One Dad’s Journey Through Fatherhood and Finding Support
I just wanted to bond with my baby
Becoming a parent is often described as one of life’s most joyful milestones—but it can also be one of the most challenging. And while there’s lots of support and information for mums, dads are often left to figure things out on their own. At DorPIP, we believe it’s time to change that.
That’s why we proudly supported International Fathers' Mental Health Day, which took place on Monday 16th June 2025. This important day shines a light on the mental health challenges many dads face and encourages open conversations, early support, and services that include all parents. We’re committed to making sure dads know they’re not alone—on that day and every day.
One dad who came to us recently shared something that really stuck with us:
“All I wanted was to bond with my baby and feel okay again.”
When his baby arrived, things didn’t go as expected. The baby was unsettled, and because they had chosen not to find out the gender before birth, he found it hard to connect at first. Those early days felt overwhelming. His mental health took a hit, and before long, he felt so low and out of place in his new role that he left the family home.
That moment was rock bottom—but it wasn’t the end of the story.
Thankfully, Dad reached out to his GP and was diagnosed with postnatal depression. He started medication, and his partner—who was also struggling—signed up for DorPIP’s Infant Massage Course. We always say: dads are welcome to access any of our services, and this dad chose to give it a try.
What happened next was powerful.
In those group sessions, he met other dads going through similar experiences. Together, they talked honestly about the ups and downs of fatherhood—how different it felt from what they’d imagined, and how hard it was to find support for their mental health. For the first time, he didn’t feel alone.
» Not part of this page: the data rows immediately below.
Theorem mainTheorem5 (R : realType) (n : nat) (hn : (1 <= n)%N) :
  (* (1) *)
  ((forall a b : 'I_n.+1 -> R, N_Delta n a -> N_Delta_star n b ->
      (forall p : Pcoord R n, inP p -> P_eq (act a b p) p ->
         torus_eq a (fun _ => 0) /\ torus_eq b (fun _ => 0))
      /\ (forall p : Pcoord R n, inP p -> inP (act a b p))
      /\ preserves (act a b) omega1 /\ preserves (act a b) omega2
      /\ preserves (act a b) gmetric /\ preserves (act a b) omegaD
      /\ (forall p : Pcoord R n, mu1 (act a b p) = mu1 p)
      /\ (forall p : Pcoord R n, mu2 (act a b p) = mu2 p))
  (* (2) *)
  /\ (forall k1 k2 : R, k1 < 0 ->
        ((exists p : Pcoord R n, inP p /\ mu1 p = k1 /\ mu2 p = k2) <->
         n.+1%:R <= (- k1 / pi) * expR ((4 * pi / n.+1%:R) * k2)))
  (* (3) *)
  /\ (forall k1 k2 : R, k1 < 0 ->
        n.+1%:R < (- k1 / pi) * expR ((4 * pi / n.+1%:R) * k2) ->
        forall p : Pcoord R n, inP p -> mu1 p = k1 -> mu2 p = k2 ->
        exists v w : Pcoord R n, dwedge mu1 mu2 p v w != 0)).
Proof.
split; [|split].
- move=> a b _ _.
  split; first by move=> p _; apply: act_free.
  split; first exact: act_inP.
  split; first by apply: act_preserves => p q e; rewrite /omega1 e.
  split; first by apply: act_preserves => p q e; rewrite /omega2 e.
  split; first by apply: act_preserves => p q e; rewrite /gmetric e.
  split; first exact: act_preserves.
  by split; [exact: mu1_act | exact: mu2_act].
- move=> k1 k2 _; split; first exact: level_set_nonempty_le.
  by case: n hn => // m _; apply: level_set_nonempty_ge.
- move=> k1 k2 _ hk p hp h1 h2.
  by apply: dwedge_mu_neq0 => //; rewrite -sum_sqr_mu1 h1 h2.
Qed.
Lemma cyclic_Fconj P Q : Fconj homF P Q -> cyclic P -> cyclic Q.
Proof.
case/existsP=> phi /andP[hP /eqP <-] /cyclicP[x defP].
have Px : x \in P by rewrite defP cycle_id.
by apply/cyclicP; exists (phi x); rewrite -(hom_cycle hP Px) -defP.
Qed.

Lemma Fconj_proper_card R (D Q : {group gT}) :
  Fconj homF R D -> D \subset Q -> ~~ Fconj homF R Q -> #|R| < #|Q|.
Proof.
move=> FRD sDQ; apply: contraR; rewrite -leqNgt => leQR.
suff <- : D = Q :> {set gT} by [].
by apply/eqP; rewrite eqEcard sDQ (card_Fconj FRD).
Qed.

Definition nFconj_in (R Q : {set gT}) :=
  #|[set D : {group gT} | Fconj homF R D && (D \subset Q)]|.

End FusionSystem.

Section Biset.
Variables (gT : finGroupType) (S : {group gT}).
Variable homF : {set gT} -> {ffun gT -> gT} -> bool.
Hypothesis fusF : is_fusion_system S homF.
Variables (Omega : finType) (to : action (setX S S) Omega).
Hypothesis stableF : F_stable_biset homF to.
Hypothesis genF : F_generated_biset homF to.
Variable p : nat.
Hypothesis pS : p.-group S.
Hypothesis p_ndvd : ~~ (p %| #|Omega| %/ #|S|).

Lemma acts_setT (A : {set gT * gT}) : A \subset setX S S -> [acts A, on setT | to].
Proof.
move=> sAD; apply/subsetP=> a /(subsetP sAD) Da.
by rewrite inE Da inE; apply/subsetP=> x; rewrite !inE.
Qed.

Definition nfix (u v : gT) := #|'Fix_to[(u, v)]|.

Lemma norbits_mul_card (P Q : {group gT}) : P \subset S -> Q \subset S ->
  (norbits to P Q * (#|P| * #|Q|))%N = \sum_(u in P) \sum_(v in Q) nfix u v.
Proof.
move=> sPS sQS; have sPQ : setX P Q \subset setX S S by rewrite setXS.
have -> : norbits to P Q = #|orbit to (setX P Q) @: setT|.
  by apply: eq_card=> T; apply/imsetP/imsetP=> -[x _ ->]; exists x.
rewrite -cardsX -(Frobenius_Cauchy (acts_setT sPQ)) pair_big_dep /=.
apply: eq_big => [[u v] | [u v] _]; first by rewrite !inE.
by rewrite setTI.
Qed.

Lemma nfix_hom (P Q : {group gT}) phi psi u v :
  homF P phi -> homF Q psi -> u \in P -> v \in Q -> nfix (phi u) (psi v) = nfix u v.
Proof.
move=> hP hQ Pu Qv; have [f [/bij_inj injf fE]] := stableF hP hQ.
rewrite /nfix -(card_preimset _ injf); apply: eq_card => x.
have PQuv : (u, v) \in setX P Q by rewrite !inE Pu Qv.
by rewrite !inE !sub1set !inE -[(phi u, psi v)]/(prodf phi psi (u, v)) -fE // (inj_eq injf).
Qed.

Lemma afix_Delta x u v : u \in S -> v \in S -> to x (u, v) = x ->
  exists P phi, [/\ homF P phi, u \in P & v = phi u].
Proof.
move=> Su Sv xuv; have [P [phi [hP stabE]]] := genF x.
have : (u, v) \in 'C_(setX S S)[x | to] by rewrite !inE /= Su Sv sub1set inE xuv eqxx.
by rewrite stabE => /imsetP[w Pw [-> ->]]; exists P, phi.
Qed.

Lemma nfix_gt0_Fconj u v : u \in S -> v \in S -> 0 < nfix u v -> Fconj homF <[u]> <[v]>.
Proof.
move=> Su Sv /card_gt0P[x /afix1P/(afix_Delta Su Sv)[P [phi [hP Pu ->]]]].
case: fusF => _ [_ _ _ homR _].
have hPu : homF <[u]> phi by apply: (homR (Group (hom_group fusF hP))); rewrite ?cycle_subG.
by apply/existsP; exists phi; rewrite hPu (hom_cycle fusF hP Pu) /=.
Qed.

Let K := setX_group [1 gT]%G S.

Lemma sub_right_dom : K \subset setX S S.
Proof. by rewrite setXS ?sub1G. Qed.

Lemma right_astab1 x : 'C_K[x | to] = 1.
Proof.
apply/trivgP/subsetP=> -[a t]; rewrite !inE /= sub1set inE.
case/and3P=> /andP[/eqP-> St] _ /eqP xt.
have [P [phi [hP _ ->]]] := afix_Delta (group1 S) St xt.
by rewrite (hom1 fusF hP).
Qed.

Lemma card_right_orbits : #|Omega| = (#|orbit to K @: setT| * #|S|)%N.
Proof.
rewrite -cardsT -(acts_sum_card_orbit (acts_setT sub_right_dom)) -sum_nat_const.
apply: eq_bigr => _ /imsetP[x _ ->].
have := card_orbit_in_stab to x sub_right_dom.
by rewrite right_astab1 cards1 muln1 cardsX cards1 mul1n.
Qed.
(* Let $\varepsilon>0$ be small, $x$ large, $0\le\theta\le\frac1{30}$, $\rho=\frac37(1-4\theta)-\varepsilon$, and $z_2\le x^{1/3-2\theta-2\varepsilon^2}$. Let $$\mathcal{D}^{-,\mathrm{SEM}}=\{p_1\cdots p_r\le x^{\rho}:\ z_2\ge p_1>\dots>p_r,\ p_1\cdots p_{2k-1}p_{2k}^2\le x^{\rho}\text{ for all }k\ge1\}$$ ($p_i$ primes). Then for any $D\in[x^{1/3-2\theta-2\varepsilon^2},x^{\rho}]$, every $d\in\mathcal{D}^{-,\mathrm{SEM}}$ can be written as $d=d_1d_2$ with positive integers $d_1,d_2$ satisfying $d_1\le D$ and $d_1d_2^2\le x^{1-4\theta-2\varepsilon^2}/D$; moreover one can take either $d_1\ge x^{0.1}$ or $d_2=1$.
   Context: Conditions in the definition of $\mathcal{D}^{-,\mathrm{SEM}}$ involving indices larger than $r$ are vacuous. *)

From Stdlib Require Import Reals.
From mathcomp Require Import all_boot.
Set Implicit Arguments. Unset Strict Implicit. Unset Printing Implicit Defensive.

Open Scope R_scope.

Definition seqprod (s : seq nat) : nat := foldr muln 1%nat s.

(* With 0-based list s = [p_1; ...; p_r], p_{2k} = nth 0 s (2k-1). *)
Definition in_Dminus_SEM (x rho z2 : R) (d : nat) : Prop :=
  exists s : seq nat,
    [/\ all prime s,
        sorted (fun a b => b < a)%nat s,
        (forall p, p \in s -> INR p <= z2),
        d = seqprod s &
        INR d <= Rpower x rho] /\
    (forall k : nat, (1 <= k)%nat -> (2 * k <= size s)%nat ->
       INR (seqprod (take (2 * k - 1) s) * (nth 0%nat s (2 * k - 1)) ^ 2)
         <= Rpower x rho).

(** Peel primes off [d = p_1 ... p_r] from the largest one while the product
    stays [<= D].  If [d <= D] nothing is split off.  Otherwise the prime [p]
    at which the product first exceeds [D] is not [p_1] (as [p_1 <= z_2 <= D]),
    so [p^3 <= p_1 p_2^2 <= x^rho], i.e. [p <= Y := x^(rho/3)].  With [d_1] the
    product before [p] and [d_2 = d / d_1] this gives
    [d_1 d_2^2 D < d_1 d_2^2 d_1 p = d^2 p <= Y^7 = x^(7 rho / 3)] and
    [d_1 > D / p >= D / Y >= x^(1/10)], and for [theta <= 1/30] and small
    [eps] the exponents fit. *)

From Stdlib Require Import Reals Lra Psatz.
From mathcomp Require Import all_boot.
Set Implicit Arguments. Unset Strict Implicit. Unset Printing Implicit Defensive.
Open Scope R_scope.

Lemma INR_muln (m n : nat) : INR (m * n)%N = INR m * INR n.
Proof. by rewrite -multE mult_INR. Qed.

Lemma INR_expn (m n : nat) : INR (m ^ n)%N = INR m ^ n.
Proof. by elim: n => [|n IH] //; rewrite expnS INR_muln IH. Qed.

Lemma seqprod_cat (s1 s2 : seq nat) : seqprod (s1 ++ s2) = (seqprod s1 * seqprod s2)%N.
Proof. by elim: s1 => [|a s IH] /=; rewrite ?mul1n // IH mulnA. Qed.

Lemma seqprod_gt0 (s : seq nat) : all (fun p => 0 < p)%N s -> (0 < seqprod s)%N.
Proof. by elim: s => [|a s IH] //= /andP [a_gt0 /IH]; rewrite muln_gt0 a_gt0. Qed.

Lemma seqprod_first_crossing (D c : R) (s : seq nat) :
  c <= D < c * INR (seqprod s) ->
  exists s1 p s2, s = s1 ++ p :: s2 /\
    c * INR (seqprod s1) <= D < c * INR (seqprod s1) * INR p.
Proof.
elim: s c => [|a t IH] c /= [c_le_D D_lt]; first by move: D_lt; rewrite Rmult_1_r; lra.
rewrite INR_muln -Rmult_assoc in D_lt.
case: (Rle_dec (c * INR a) D) => [ca_le_D | ca_gt_D].
- have [s1 [p [s2 [-> cross]]]] := IH (c * INR a) (conj ca_le_D D_lt).
  by exists (a :: s1), p, s2; rewrite /= INR_muln -Rmult_assoc.
- by exists [::], a, t; split=> //=; rewrite Rmult_1_r; split; lra.
Qed.

Lemma cube_le_head_mul_sq (a q p : nat) (t : seq nat) :
  sorted (fun u v => v < u)%N [:: a, q & t] -> p \in q :: t -> (p ^ 3 <= a * q ^ 2)%N.
Proof.
have gt_trans : transitive (fun u v => v < u)%N by move=> y u v yu vy; exact: ltn_trans vy yu.
move=> /= /andP [q_lt_a path_q] p_in.
have p_le_q : (p <= q)%N.
  move: p_in; rewrite inE => /predU1P [-> // | p_in_t].
  by apply: ltnW; move/allP: (order_path_min gt_trans path_q); apply.
have p_le_a : (p <= a)%N by apply: ltnW; apply: leq_ltn_trans q_lt_a.
by rewrite expnS leq_mul // leq_exp2r.
Qed.

Lemma Rpower_pow_mul (x c : R) (n : nat) : Rpower x c ^ n = Rpower x (c * INR n).
Proof. by rewrite -Rpower_mult Rpower_pow //; apply: exp_pos. Qed.

Lemma Rpower_ge1 (x c : R) : 1 <= x -> 0 <= c -> 1 <= Rpower x c.
Proof. by move=> x_ge1 c_ge0; rewrite -(Rpower_O x); [apply: Rle_Rpower | lra]. Qed.

Lemma mul_sq_mul_le_pow7 (u v p D Y : R) :
  0 <= u -> 0 <= v -> 0 <= p -> u * v <= Y ^ 3 -> D < u * p -> p <= Y ->
  u * v ^ 2 * D <= Y ^ 7.
Proof.
move=> u_ge0 v_ge0 p_ge0 uv_le D_lt p_le_Y.
have uvvD_le : u * v ^ 2 * D <= (u * v) * (u * v) * p.
  rewrite (_ : (u * v) * (u * v) * p = u * v ^ 2 * (u * p)); last by ring.
  by apply: Rmult_le_compat_l; [nra | lra].
apply: Rle_trans _ _ _ uvvD_le _.
rewrite (_ : Y ^ 7 = Y ^ 3 * Y ^ 3 * Y); last by ring.
by apply: Rmult_le_compat; [nra | done | apply: Rmult_le_compat; nra | done].
Qed.

Section GreedySplit.

Variables (D Y : R) (s : seq nat).
Hypotheses (D_ge1 : 1 <= D) (Y_ge1 : 1 <= Y).
Hypotheses (s_gt0 : all (fun p => 0 < p)%N s) (s_sorted : sorted (fun a b => b < a)%N s).
Hypothesis s_le_D : forall p, p \in s -> INR p <= D.
Hypotheses (s_le_Y3 : INR (seqprod s) <= Y ^ 3) (D_le_Y3 : D <= Y ^ 3).
Hypothesis head_sq_le_Y3 : forall a q t, s = [:: a, q & t] -> INR (a * q ^ 2) <= Y ^ 3.

Lemma tail_le_cube_root (a p : nat) (t : seq nat) : s = a :: t -> p \in t -> INR p <= Y.
Proof.
case: t => [|q t] // s_eq p_in.
have p_cube_le : INR p ^ 3 <= Y ^ 3.
  rewrite -INR_expn; apply: Rle_trans _ _ _ _ (head_sq_le_Y3 s_eq); apply/le_INR/leP.
  by apply: cube_le_head_mul_sq p_in; rewrite -s_eq.
apply: Rnot_lt_le => Y_lt_p.
suff : Y ^ 3 < INR p ^ 3 by lra.
by rewrite /= !Rmult_1_r; apply: Rmult_le_0_lt_compat; nra.
Qed.

Lemma greedy_split :
  exists d1 d2 : nat,
    [/\ seqprod s = (d1 * d2)%N, (0 < d1)%N & (0 < d2)%N] /\
    [/\ INR d1 <= D, INR (d1 * d2 ^ 2) * D <= Y ^ 7 & (D < INR d1 * Y \/ d2 = 1%N)].
Proof.
have d_gt0 := seqprod_gt0 s_gt0.
have Y6_le_Y7 : Y ^ 3 * Y ^ 3 <= Y ^ 7 by rewrite -pow_add; apply: Rle_pow => //; apply/leP.
case: (Rle_dec (INR (seqprod s)) D) => [d_le_D | d_gt_D].
  exists (seqprod s), 1%N; split; first by rewrite muln1.
  split=> //; last by right.
  rewrite exp1n muln1; apply: Rle_trans _ _ _ _ Y6_le_Y7.
  by apply: Rmult_le_compat; [apply: pos_INR | lra | done | done].
have [a [t s_eq]] : exists a t, s = a :: t.
  case s_eq: s => [|a t]; last by exists a, t.
  by move: d_gt_D; rewrite s_eq /=; lra.
have a_le_D : INR a <= D by apply: s_le_D; rewrite s_eq mem_head.
have [s1 [p [s2 [t_eq [d1_le_D D_lt_d1p]]]]] :
    exists s1 p s2, t = s1 ++ p :: s2 /\
      INR a * INR (seqprod s1) <= D < INR a * INR (seqprod s1) * INR p.
  by apply: seqprod_first_crossing; move: d_gt_D; rewrite s_eq /= INR_muln; lra.
have p_le_Y : INR p <= Y.
  by apply: tail_le_cube_root s_eq _; rewrite t_eq mem_cat mem_head orbT.
have d_eq : seqprod s = ((a * seqprod s1) * (p * seqprod s2))%N.
  by rewrite s_eq t_eq /= seqprod_cat /= !mulnA.
move: (d_gt0); rewrite d_eq muln_gt0 => /andP [d1_gt0 d2_gt0].
set d1 := (a * seqprod s1)%N in d_eq d1_gt0 *; set d2 := (p * seqprod s2)%N in d_eq d2_gt0 *.
exists d1, d2; split=> //.
rewrite -INR_muln -/d1 in d1_le_D D_lt_d1p.
have D_lt_d1Y : D < INR d1 * Y.
  by apply: Rlt_le_trans _ _ _ D_lt_d1p _; apply: Rmult_le_compat_l => //; apply: pos_INR.
split=> //; last by left.
rewrite INR_muln INR_expn; apply: mul_sq_mul_le_pow7 D_lt_d1p p_le_Y; try apply: pos_INR.
by rewrite -INR_muln -d_eq.
Qed.

End GreedySplit.

Theorem lemma10 :
  exists eps0 : R, 0 < eps0 /\
  forall eps : R, 0 < eps < eps0 ->
  exists x0 : R, 0 < x0 /\
  forall x : R, x0 <= x ->
  forall theta : R, 0 <= theta <= 1 / 30 ->
  let rho := 3 / 7 * (1 - 4 * theta) - eps in
  forall z2 : R, z2 <= Rpower x (1 / 3 - 2 * theta - 2 * eps ^ 2) ->
  forall D : R, Rpower x (1 / 3 - 2 * theta - 2 * eps ^ 2) <= D <= Rpower x rho ->
  forall d : nat, in_Dminus_SEM x rho z2 d ->
  exists d1 d2 : nat,
    [/\ d = (d1 * d2)%nat, (0 < d1)%nat & (0 < d2)%nat] /\
    [/\ INR d1 <= D,
        INR (d1 * d2 ^ 2) <= Rpower x (1 - 4 * theta - 2 * eps ^ 2) / D &
        (Rpower x (1 / 10) <= INR d1 \/ d2 = 1%nat)].
Proof.
exists (1 / 10); split; first lra.
move=> eps [eps_gt0 eps_lt]; exists 1; split; first lra.
move=> x x_ge1 theta [theta_ge0 theta_le] rho z2 z2_le D [D_ge D_le] d.
move=> [s [[s_prime s_sorted s_le_z2 -> d_le] s_SEM]].
have eps_sq_le : eps ^ 2 <= eps / 10 by nra.
pose Y := Rpower x (rho / 3).
have Y3 : Y ^ 3 = Rpower x rho by rewrite Rpower_pow_mul /=; congr Rpower; field.
have D_ge1 : 1 <= D by apply: Rle_trans _ _ _ _ D_ge; apply: Rpower_ge1 => //; lra.
have Y_ge1 : 1 <= Y by apply: Rpower_ge1 => //; rewrite /rho; lra.
have s_gt0 : all (fun p => 0 < p)%N s by apply: sub_all s_prime => p; apply: prime_gt0.
have s_le_D : forall p, p \in s -> INR p <= D by move=> p /s_le_z2; lra.
have head_sq_le : forall a q t, s = [:: a, q & t] -> INR (a * q ^ 2) <= Y ^ 3.
  by move=> a q t s_eq; rewrite Y3; have := s_SEM 1%N isT; rewrite s_eq /= !muln1; apply.
rewrite -Y3 in d_le D_le.
have [d1 [d2 [d_eq [d1_le_D bound alt]]]] :=
  greedy_split D_ge1 Y_ge1 s_gt0 s_sorted s_le_D d_le D_le head_sq_le.
exists d1, d2; split=> //; split=> //.
- apply: (Rmult_le_reg_r D); first lra.
  rewrite /Rdiv Rmult_assoc Rinv_l ?Rmult_1_r; last lra.
  apply: Rle_trans _ _ _ bound _; rewrite Rpower_pow_mul; apply: Rle_Rpower => //=.
  by rewrite /rho; lra.
- case: alt => [D_lt | ->]; last by right.
  left; apply: (Rmult_le_reg_r Y); first by apply: exp_pos.
  apply: Rlt_le; apply: Rle_lt_trans _ _ _ _ D_lt; apply: Rle_trans _ _ _ _ D_ge.
  by rewrite -Rpower_plus; apply: Rle_Rpower => //; rewrite /rho; lra.
Qed.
He reflected on his own childhood, and how those early experiences were shaping his approach to being a parent. The group learned about self-regulation (how we manage our own emotions) and why it’s so important in our relationships. They did a simple exercise where they each chose six key ingredients for a healthy relationship, then talked about them with their partners. It sparked “lightbulb moments” for many—including him.
They also explored co-regulation—how to be a calming, safe presence for their babies when emotions run high. As the weeks went by, the dads grew more confident, more connected, and more hopeful.
By the final session, Dad said he felt like a different person. His parenting confidence had grown, and he had a new understanding of child development and connection. He’d found a space to learn, talk, and just be with others who got it. The group even swapped contact details so they could keep supporting each other after the course ended.
The changes weren’t just emotional—they were measurable too.
At the start, his assessments showed real cause for concern. By the end, his mental health and relationships were in a much better place. He’d gone from “amber” to “green”—and more importantly, he felt ready to show up as the dad he wanted to be.
The First 1000 Days Matter
The early years—especially the first 1000 days of a baby’s life—are a time of huge growth and development. This period is when babies form secure attachments and learn to trust the world around them. It’s also when parents are adjusting to big changes in identity, roles, and relationships.
Bonding doesn’t always happen instantly, and that’s okay. For some parents, it takes time and conscious effort. Bonding might look like skin-to-skin contact, singing, rocking, playing, or simply taking a moment to delight in your baby.
Sometimes, though, that connection can feel harder to build—especially if you're feeling low, overwhelmed, or unsure of your place in the new family dynamic. That’s where early support can make all the difference.
Dads, You Don’t Have to Do This Alone..
Many dads tell us they feel like there’s no support out there for them—that the focus is always on mums, and they’re left to just "get on with it." This can leave dads feeling isolated, overwhelmed, and unsure of where to turn when things get tough.
But the truth is, you don’t have to do this alone.
At DorPIP, we understand that dads matter too. Whether you're finding it hard to bond with your baby, struggling with your mental health, or just want to connect with other dads who get it—we're here. From infant massage courses to our Little Pips peer support group, all of our services are open and welcoming to fathers.
No matter where you’re at on your parenting journey, you deserve support. And we’re here to help you find it.